In the analytical world I have flown F-4 Phantoms, a FX that fit a proposal, and the various Adversaries in tactical situations up to and including launch and flyout of AIM-9, AIM-7 and a hypothetical AGILE with opposing adversary IR and Radar air-to-air missiles. This world was located at MACAIR, DAC and MDAC-WEST. The computer code had been supplied to AFSC in the winning FX prototype proposal. Some of the decks were Classified. When used by USAF and MACAIR most of the work was to support selection of an inboard gun. There were manned simulator spheres at MACAIR St. Louis where the same software and data decks were used as adversaries against actual pilots.

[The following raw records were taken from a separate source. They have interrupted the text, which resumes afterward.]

(* Let $I$ be a finite set of players. For each $\nu\in I$ let $X_\nu\subset\mathbb{R}^{n_\nu}$, let $\succeq_\nu$ be a binary relation on $\mathbb{R}^n=\prod_{\nu\in I}\mathbb{R}^{n_\nu}$, and let $K_\nu:X_{-\nu}\rightrightarrows X_\nu$ be a set-valued map, where $X_{-\nu}=\prod_{j\neq\nu}X_j$. Set $X=\prod_{\nu\in I}X_\nu$ and $K(x)=\prod_{\nu\in I}K_\nu(x^{-\nu})$. Assume that for each $\nu\in I$: (1) $K_\nu$ has non-empty, closed and convex values; (2) $U^s_\nu(x)$ is convex for all $x\in\mathbb{R}^n$; (3) $x^\nu\in\operatorname{cl}(U^s_\nu(x))$ for all $x\in\mathbb{R}^n$. Define $N_0:\mathbb{R}^n\rightrightarrows\mathbb{R}^n$ by $N_0(x)=\prod_{\nu\in I}\big(N_\nu(x)\setminus\{0\}\big)$. If $\hat x$ is a generalized Nash equilibrium, then $\hat x$ solves the Stampacchia quasivariational inequality problem associated to $N_0$ and $K$, i.e. $\hat x\in K(\hat x)$ and there exists $\hat x^*\in N_0(\hat x)$ with $\langle\hat x^*,y-\hat x\rangle\ge0$ for all $y\in K(\hat x)$.
   Context: Vectors $x\in\mathbb{R}^n$ are written $x=(x^\nu,x^{-\nu})$ with $x^\nu\in\mathbb{R}^{n_\nu}$ and $x^{-\nu}$ the components of the other players. For $w^{-\nu}$, the induced relation on $\mathbb{R}^{n_\nu}$ is $x^\nu\succeq_{\nu,w^{-\nu}}y^\nu$ iff $(x^\nu,w^{-\nu})\succeq_\nu(y^\nu,w^{-\nu})$, and $\succ_{\nu,w^{-\nu}}$ denotes its asymmetric part ($a\succ b$ iff $a\succeq b$ and not $b\succeq a$). For $x\in\mathbb{R}^n$, $U^s_\nu(x)=\{y^\nu\in\mathbb{R}^{n_\nu}: y^\nu\succ_{\nu,x^{-\nu}}x^\nu\}$. For $A\subset\mathbb{R}^m$ and $z\in\mathbb{R}^m$ (no convexity, closedness or membership $z\in A$ required), the normal cone is $\mathscr{N}_A(z)=\{z^*\in\mathbb{R}^m:\langle z^*,y-z\rangle\le 0\ \forall y\in A\}$ if $A\neq\emptyset$ and $\mathscr{N}_A(z)=\mathbb{R}^m$ if $A=\emptyset$. Then $N_\nu(x)=\mathscr{N}_{U^s_\nu(x)}(x^\nu)\subset\mathbb{R}^{n_\nu}$. A point $\hat x\in K(\hat x)$ is a generalized Nash equilibrium if for each $\nu\in I$ there is no $x^\nu\in K_\nu(\hat x^{-\nu})$ with $x^\nu\succ_{\nu,\hat x^{-\nu}}\hat x^\nu$. *)

From HB Require Import structures.
From mathcomp Require Import all_boot all_order all_algebra.
From mathcomp Require Import all_classical all_reals all_analysis.
Unset Printing Implicit Defensive.
Import Order.TTheory GRing.Theory Num.Theory numFieldNormedType.Exports.
Local Open Scope classical_set_scope.
Local Open Scope ring_scope.

(* R^{n_nu} is 'rV[R]_(n nu); a strategy profile x in R^n = prod_nu R^{n_nu}
   is a dependent function giving each player's block. *)
Definition profile (R : realType) {I : finType} (n : I -> nat) :=
  forall nu : I, 'rV[R]_(n nu).

Section GNEP.
Context {R : realType} {I : finType} {n : I -> nat}.
Local Notation profile := (profile R n).

Definition dotv {m : nat} (u v : 'rV[R]_m) : R := \sum_(i < m) u 0 i * v 0 i.

Definition dotp (u v : profile) : R := \sum_(nu : I) dotv (u nu) (v nu).

Definition subp (u v : profile) : profile := fun nu => u nu - v nu.

(* (y^nu, x^{-nu}) : replace the nu-th block of x by y. *)
Definition upd (x : profile) (nu : I) (y : 'rV[R]_(n nu)) : profile :=
  fun j => match nu =P j with
           | ReflectT e => eq_rect nu (fun k => 'rV[R]_(n k)) y j e
           | ReflectF _ => x j
           end.

Definition agree_off (nu : I) (x w : profile) := forall j, j != nu -> x j = w j.

Definition strict_part {T : Type} (r : T -> T -> Prop) (a b : T) :=
  r a b /\ ~ r b a.

Definition Us (pref : I -> profile -> profile -> Prop) (nu : I) (x : profile)
  : set 'rV[R]_(n nu) :=
  [set y | strict_part (pref nu) (upd x nu y) (upd x nu (x nu))].

(* normal cone, with the convention N_emptyset(z) = R^m *)
Definition normal_cone {m : nat} (A : set 'rV[R]_m) (z : 'rV[R]_m)
  : set 'rV[R]_m :=
  if A == set0 then setT
  else [set zs | forall y, A y -> dotv zs (y - z) <= 0].

Definition Nnu (pref : I -> profile -> profile -> Prop) (nu : I) (x : profile)
  : set 'rV[R]_(n nu) := normal_cone (Us pref nu x) (x nu).

Definition N0 (pref : I -> profile -> profile -> Prop) (x : profile)
  : set profile :=
  [set xs | forall nu, Nnu pref nu x (xs nu) /\ xs nu != 0].

Definition inX (X : forall nu : I, set 'rV[R]_(n nu)) (x : profile) :=
  forall nu, X nu (x nu).

Definition inX_off (X : forall nu : I, set 'rV[R]_(n nu)) (nu : I) (x : profile) :=
  forall j, j != nu -> X j (x j).

(* K(x) = prod_nu K_nu(x^{-nu});  K_nu is represented as a map on profiles
   that only depends on x^{-nu} (see hypotheses of the theorem). *)
Definition Kset (K : forall nu : I, profile -> set 'rV[R]_(n nu)) (x : profile)
  : set profile := [set y | forall nu, K nu x (y nu)].

Definition is_GNE (X : forall nu : I, set 'rV[R]_(n nu))
  (pref : I -> profile -> profile -> Prop)
  (K : forall nu : I, profile -> set 'rV[R]_(n nu)) (xh : profile) :=
  inX X xh /\ Kset K xh xh /\
  forall nu, ~ exists y, K nu xh y /\
     strict_part (pref nu) (upd xh nu y) (upd xh nu (xh nu)).

Definition solves_SQVI (N : profile -> set profile)
  (K : forall nu : I, profile -> set 'rV[R]_(n nu)) (xh : profile) :=
  Kset K xh xh /\
  exists xs, N xh xs /\ forall y, Kset K xh y -> 0 <= dotp xs (subp y xh).

End GNEP.

From HB Require Import structures.
From mathcomp Require Import all_boot all_order all_algebra.
From mathcomp Require Import all_classical all_reals all_analysis.
From mathcomp Require Import ring lra.
Import Order.TTheory GRing.Theory Num.Theory numFieldNormedType.Exports.
Local Open Scope classical_set_scope.
Local Open Scope ring_scope.

(* At a generalized Nash equilibrium, the strict upper contour set
   U^s_nu(xh) of each player is disjoint from the convex set
   K_nu(xh^{-nu}), which contains xh^nu, and xh^nu lies in the closure of
   U^s_nu(xh).  A hyperplane separating these two convex sets through xh^nu
   has a nonzero normal p_nu that is normal to U^s_nu(xh) at xh^nu and makes
   <p_nu, y - xh^nu> >= 0 on K_nu; the p_nu together form xh^*.
   For the separation theorem in R^m, a convex set C avoiding 0 is separated
   from 0 on each finite subset of C by the minimal-norm point of its convex
   hull, and the finite intersection property of the compact unit sphere
   then yields a single normal for all of C. *)

Lemma continuous_sum (R : numFieldType) (T : topologicalType) (J : Type) (r : seq J)
    (F : J -> T -> R) :
  (forall j, continuous (F j)) -> continuous (fun x => \sum_(j <- r) F j x).
Proof.
move=> Fc; elim: r => [|j r IH].
  by under eq_fun do rewrite big_nil; exact: cst_continuous.
under eq_fun do rewrite big_cons.
by move=> x; apply: continuousD; [exact: Fc | exact: IH].
Qed.

Section InnerProduct.
Context {R : realType} {m : nat}.
Implicit Types u v w : 'rV[R]_m.

Lemma dotvC u v : dotv u v = dotv v u.
Proof. by apply: eq_bigr => i _; rewrite mulrC. Qed.

Lemma dotvDl u v w : dotv (u + v) w = dotv u w + dotv v w.
Proof. by rewrite /dotv -big_split; apply: eq_bigr => i _; rewrite mxE mulrDl. Qed.

Lemma dotvZl a u w : dotv (a *: u) w = a * dotv u w.
Proof. by rewrite /dotv mulr_sumr; apply: eq_bigr => i _; rewrite mxE mulrA. Qed.

Lemma dotvDr u v w : dotv w (u + v) = dotv w u + dotv w v.
Proof. by rewrite dotvC dotvDl ![dotv _ w]dotvC. Qed.

Lemma dotvZr a u w : dotv w (a *: u) = a * dotv w u.
Proof. by rewrite dotvC dotvZl dotvC. Qed.

Lemma dotvBr u v w : dotv w (u - v) = dotv w u - dotv w v.
Proof. by rewrite dotvDr -scaleN1r dotvZr mulN1r. Qed.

I began my effort to support the QUICKTURN project at MDAC-WEST where presentation to the Navy resulted in a request to obtain an advisor to avoid criticism which was standing in the way of use for evaluation at Navy facilities. I was asked to travel regularly between Long Beach DAC and McDonnell-Douglas-WEST to work with the consultant to settle things. I was also invited to attend an early Top-Gun class at the newly constituted Navy Fighter Weapons School, class 70-1 starting in December 1969. "Zeke" Cormier a former Blue Angels Commander and Navy "Ace" drove me down and introduced me to the commander of the school, who was an F-4 back seater Radar Intercept Officer. I had been taken off a project to develop a Navigator Trainer version of our successful C-9A Aeromedical Transport because the learning curves I developed from Undergraduate Navigator Training courses were different from a recently complete Navy Pilot training study done by a different contractor. The Air Force took all the navigator rated airmen out of their F-4's and other similarly staffed aircraft at that time and replaced them with a second pilot as their F-4's had pilot controls in both seats.

As the years progressed I began to get a lot of negative over hears from what I later determined to be related to the M-16 inventor's last name being the same as mine. He is now in the Hall of Fame at the Ordnance Museum in Aberdeen, Maryland. I dropped by there when I lived in Washington, DC for a time. I did not look in at the nearby FAA in Atlantic City.

Reading the most recent AOPA magazine, I saw I needed to disclose any enforcement actions that resulted in Felony or Misdemeanor convictions and the punishments imposed as well as any investigations related to any temporary hospitalizations or schools, such as for alcohol treatment to apply for pilot training with or without medical exemption.

Is my potential application out of the extreme for an EAA member to receive in person instruction to make the feel of the airplane real to correspond with my work with analytical flight.

I'll exclude experiences I have had with digitally simulated flight using video screens and physical pilot controls while standing or sitting in a chair.

My world once was on an IBM-360-85 and was submitted as a group of 80 card data decks about 3-1/2 per run and came back as late as three days later.